Our next two articles detail separate elections—the reelection of Reed Smoot in 1914 and the Salt Lake County sheriff’s campaign of 1922—and the church–state tensions that animated them. In the first decades of the twentieth century, Utah was becoming integrated into the religious and cultural mainstream. This context makes these electoral episodes interesting: LDS religious leaders used the heft of their names, clout of their office, and moral language of their religion to back one candidate over another—even when the other nominees claimed membership in the same church—signaling to federal courts and lawmakers continued Mormon political and economic power. Both campaigns had long-term consequences. By 1914, Smoot was a member of the Senate Appropriations Committee and the Senate Finance Committee, positions that gave him—and his state—remarkable influence. After the 1922 sheriff’s campaign and lawsuit, high-ranking LDS leaders largely refrained from public endorsement of state, county, and municipal candidates. The sheriff’s contest is also significant in another sense: the language used in the election reflected the conservative reaction to progressive social mores being embraced by a growing urban population.

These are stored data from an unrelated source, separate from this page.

Lemma sum_pb_mass_sqr s N : (size s < N)%N -> \sum_(k < N) pb_mass s k ^+ 2 = pb_coll s.
Proof.
move=> hN; rewrite (@sum_ord_widen0 _ (fun k => pb_mass s k ^+ 2) (size s).+1) // => k hk.
by rewrite pb_mass_gt_size // expr0n.
Qed.

Lemma sum_pb_mass_sqr_le s N : \sum_(k < N) pb_mass s k ^+ 2 <= pb_coll s.
Proof.
rewrite -(@sum_pb_mass_sqr s (N + (size s).+1)) ?ltn_addl //.
apply: (@sum_ord_widen_le _ (fun k => pb_mass s k ^+ 2)); first exact: leq_addr.
by move=> k; apply: sqr_ge0.
Qed.

Lemma pb_coll_cons a s : pb_coll (a :: s) = pb_coll s - a * (1 - a) * pb_energy s.
Proof.
set c := pb_mass s; pose c2 := shift1 (fun k => c k ^+ 2).
have Esq k : pb_mass (a :: s) k ^+ 2 = (1 - a) ^+ 2 * c k ^+ 2 + a ^+ 2 * c2 k
    + 2 * a * (1 - a) * (c k * shift1 c k).
  by rewrite pb_mass_cons -/c /c2; case: k => [|k] /=; ring.
have Ed k : diff1 c k ^+ 2 = c k ^+ 2 + c2 k - 2 * (c k * shift1 c k).
  by rewrite /diff1 /c2; case: k => [|k] /=; ring.
rewrite /pb_coll /pb_energy -/c; under eq_bigr do rewrite Esq.
under [X in _ = _ - _ * X]eq_bigr do rewrite Ed.
rewrite !big_split /= sumrN -!mulr_sumr /c2 sum_shift1 !sum_pb_mass_sqr //.
by rewrite /pb_coll; ring.
Qed.

Lemma pb_coll_le_mass s m : all in01 s ->
  (forall k, (k <= size s)%N -> pb_mass s k <= pb_mass s m) -> pb_coll s <= pb_mass s m.
Proof.
move=> hs hmax.
rewrite -[X in _ <= X]mul1r -(@sum_pb_mass _ s (size s).+1 hs) // mulr_suml.
apply: ler_sum => k _; rewrite expr2; apply: ler_wpM2l; first exact: pb_mass_ge0.
by apply: hmax; rewrite -ltnS.
Qed.

Lemma pb_coll_le1 s : all in01 s -> pb_coll s <= 1.
Proof.
move=> hs; have [m _ hmax] := exists_argmax (pb_mass s) (size s).
exact: le_trans (pb_coll_le_mass hs hmax) (pb_mass_le1 m hs).
Qed.

Lemma pb_coll_nash s : all in01 s -> pb_coll s ^+ 3 <= 4 * pb_energy s.
Proof.
move=> hs; set Q := pb_coll s; set c := pb_mass s; set N := (size s).+2.
have c0 k : 0 <= c k by apply: pb_mass_ge0.
have [m hm hmax] := exists_argmax c (size s).
have hQm : Q <= c m by apply: pb_coll_le_mass.
have Q0 : 0 <= Q by apply: pb_coll_ge0.
pose T := \sum_(k < N) `|diff1 c k| * (c k + shift1 c k).
have hT : c m ^+ 2 <= T by apply: sqr_le_sum_diff1; rewrite // ltnS ltnW.
have hsum : \sum_(k < N) (c k + shift1 c k) ^+ 2 <= 4 * Q.
  apply: le_trans (_ : \sum_(k < N)
      (2 * c k ^+ 2 + 2 * shift1 (fun k => c k ^+ 2) k) <= _).
    apply: ler_sum => k _; case: (nat_of_ord k) => [|j] /=.
      by have := sqr_ge0 (c 0%N); lra.
    by have := sqr_ge0 (c j.+1 - c j); lra.
  by rewrite big_split /= -!mulr_sumr sum_shift1 !sum_pb_mass_sqr // -/Q; lra.
(* AM-GM, termwise: [Q |d| e <= 2 d^2 + Q^2 e^2 / 8]. *)
have hQT : Q * T <= 2 * pb_energy s + Q ^+ 3 / 2.
  rewrite mulr_sumr; apply: le_trans (_ : \sum_(k < N)
      (2 * diff1 c k ^+ 2 + Q ^+ 2 / 8 * (c k + shift1 c k) ^+ 2) <= _).
    apply: ler_sum => k _; set d := diff1 c k; set e := c k + shift1 c k.
    have hd : `|d| ^+ 2 = d ^+ 2 by rewrite real_normK // num_real.
    have := sqr_ge0 (2 * `|d| - Q * e / 2); have := normr_ge0 d; nra.
  rewrite big_split /= -!mulr_sumr /pb_energy -/c -/N lerD2l.
  have -> : Q ^+ 3 / 2 = Q ^+ 2 / 8 * (4 * Q) by field.
  by apply: ler_wpM2l => //; apply: mulr_ge0; [apply: sqr_ge0 | lra].
have : Q ^+ 2 <= c m ^+ 2 by rewrite ler_sqr // nnegrE; apply: le_trans hQm.
nra.
Qed.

In our fourth piece we turn to the photography of Christine Armbruster. We see in these images the strains, challenges, and, of course, joys in small-town Utah—in short, snapshots of a way of life still common in the state but increasingly unfamiliar to urban Utahns. James Swensen introduces Armbruster’s photographs, putting them in the context of a larger project to document rural life that dates back to the Mormon village studies and particularly to the work of Dorothea Lange and Russell Lee.
Finally, crazy quilts: homemade objects, stitched by upper-class women in the late nineteenth century. These items, including one held by the Utah State Historical Society’s artifact collection, are often laden with common national and regional symbols but also contain imagery that detail the life and history of their creators. In the case of the quilt highlighted in this short essay, Emma Green Bull’s stitches harken to her roots in England, conversion to Mormonism, journey to Utah, and life as a pioneer in the territory.
Notes
1 Steven Pincus and William Novak, “Political History after the Cultural Turn,” Perspectives on History: The Newsmagazine of the American Historical Association, May 1, 2011.